Set up OpenTelemetry custom instrumentation and metrics collection with Prometheus integration

Intermediate 45 min Apr 16, 2026 42 views
Ubuntu 24.04 Debian 12 AlmaLinux 9 Rocky Linux 9

Configure OpenTelemetry Collector with custom metrics exporters and processors, set up application instrumentation with SDKs, and integrate with Prometheus and Grafana for comprehensive distributed system monitoring and observability.

Prerequisites

  • Root or sudo access
  • Python 3.8+ for sample applications
  • Node.js 16+ for sample applications
  • At least 2GB RAM
  • Ports 4317, 4318, 8888, 8889, 9090, 3000 available

What this solves

OpenTelemetry provides a unified way to collect, process, and export telemetry data from your applications and infrastructure. This tutorial shows you how to set up custom instrumentation and metrics collection with Prometheus integration, enabling comprehensive monitoring of distributed systems with standardized telemetry data.

Step-by-step installation

Update system packages

Start by updating your package manager to ensure you get the latest versions of dependencies.

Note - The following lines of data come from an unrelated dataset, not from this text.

Lemma rejects_cons_eventually B s : incr B -> decides_stems B ->
  rejects B s -> stem s -> Forall (in_range B) s ->
  exists N, forall n, N <= n -> rejects B (B n :: s).
Proof.
  (* Otherwise the [B n] with [B n :: s] accepted form a subsequence accepting [s]. *)
  intros IB dec rej st in_B. apply NNPP. intros never.
  assert (often : forall N, exists n, N <= n /\ Forall (gt (B n)) s /\ accepts B (B n :: s)).
  { intros N. apply NNPP. intros rarely. apply never.
    exists (max N (S (list_max s))). intros n le.
    assert (above : Forall (gt (B n)) s).
    { apply Forall_gt_list_max. pose proof (incr_ge_id B n IB). lia. }
    assert (st_n : stem (B n :: s)) by now constructor.
    assert (in_B_n : Forall (in_range B) (B n :: s)) by (constructor; [exists n|]; trivial).
    destruct (dec (B n) s st_n in_B_n) as [acc|rej']; [|exact rej'].
    exfalso. apply rarely. exists n. repeat split; trivial. lia. }
  destruct (subseq_of_infinitely_many _ B IB often) as [C [CB good]].
  apply (rej C CB). intros D DC above.
  destruct (proj2 DC 0) as [i Di]. destruct (good i) as [n [Ci [above_n acc_n]]].
  rewrite <- ext_cons_shift, Di, Ci. apply acc_n.
  - apply (subseq_trans _ D); [apply subseq_shift, (proj1 DC)|].
    exact (subseq_trans _ _ _ DC CB).
  - assert (D0_lt_D1 : D 0 < D 1) by apply (proj1 DC).
    unfold shift. simpl. rewrite Di, Ci in *. constructor; [unfold gt; lia|].
    eapply Forall_impl; [|exact above]. unfold gt. lia.
Qed.

(* The [k]-th element is chosen beyond the threshold of [rejects_cons_eventually] for
   all stems bounded by the previous element. *)
Lemma rejecting_subseq B : incr B -> decides_stems B -> rejects B [] ->
  exists H, subseq H B /\ forall s, stem s -> Forall (in_range H) s -> rejects B s.
Proof.
  intros IB dec rej0.
  assert (thresholds : forall m, exists N, forall s, In s (stems_below m) -> forall n, N <= n ->
            rejects B s -> stem s -> Forall (in_range B) s -> rejects B (B n :: s)).
  { intros m. apply eventually_forall_in. intros s _.
    destruct (classic (rejects B s /\ stem s /\ Forall (in_range B) s))
      as [[rej [st in_B]]|not_rej].
    - destruct (rejects_cons_eventually B s IB dec rej st in_B) as [N HN]. eauto.
    - exists 0. intros n _ rej st in_B. tauto. }
  destruct (choice _ thresholds) as [N HN].
  set (idx := fun k => Nat.iter k (fun i => max (S i) (N (S (B i)))) (N 0)).
  assert (Iidx : incr idx) by (apply incr_iter; lia).
  set (h := fun k => B (idx k)).
  assert (Ih : incr h) by (unfold h; apply incr_comp; trivial).
  exists h. split; [split; [exact Ih|unfold h; eauto]|].
  induction s as [|a s IHs]; intros st in_H; [exact rej0|].
  destruct (StronglySorted_inv st) as [st_s below_a].
  apply Forall_cons_iff in in_H as [[i ->] in_H].
  set (bound := match i with 0 => 0 | S k => S (h k) end).
  apply (HN bound).
  - apply in_stems_below; [exact st_s|].
    eapply Forall_impl; [|apply Forall_and; [exact in_H|exact below_a]].
    intros x [[j ->] lt]. apply (incr_lt_iff h j i Ih) in lt.
    destruct i as [|k]; [lia|]. pose proof (incr_le h j k Ih). unfold bound. lia.
  - destruct i; [apply le_n|].
    change (idx (S i)) with (max (S (idx i)) (N (S (B (idx i))))). unfold bound, h. lia.
  - exact (IHs st_s in_H).
  - exact st_s.
  - eapply Forall_impl; [|exact in_H]. intros x [j ->]. exists (idx j). reflexivity.
Qed.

sudo apt update && sudo apt upgrade -y
sudo apt install -y wget curl unzip
sudo dnf update -y
sudo dnf install -y wget curl unzip

Download and install OpenTelemetry Collector

Download the OpenTelemetry Collector binary from the official releases and install it in a standard location.

OTEL_VERSION="0.91.0"
wget https://github.com/open-telemetry/opentelemetry-collector-releases/releases/download/v${OTEL_VERSION}/otelcol_${OTEL_VERSION}_linux_amd64.tar.gz
tar -xzf otelcol_${OTEL_VERSION}_linux_amd64.tar.gz
sudo mv otelcol /usr/local/bin/
sudo chmod +x /usr/local/bin/otelcol

Create OpenTelemetry user and directories

Create a dedicated user and directory structure for OpenTelemetry Collector with proper permissions.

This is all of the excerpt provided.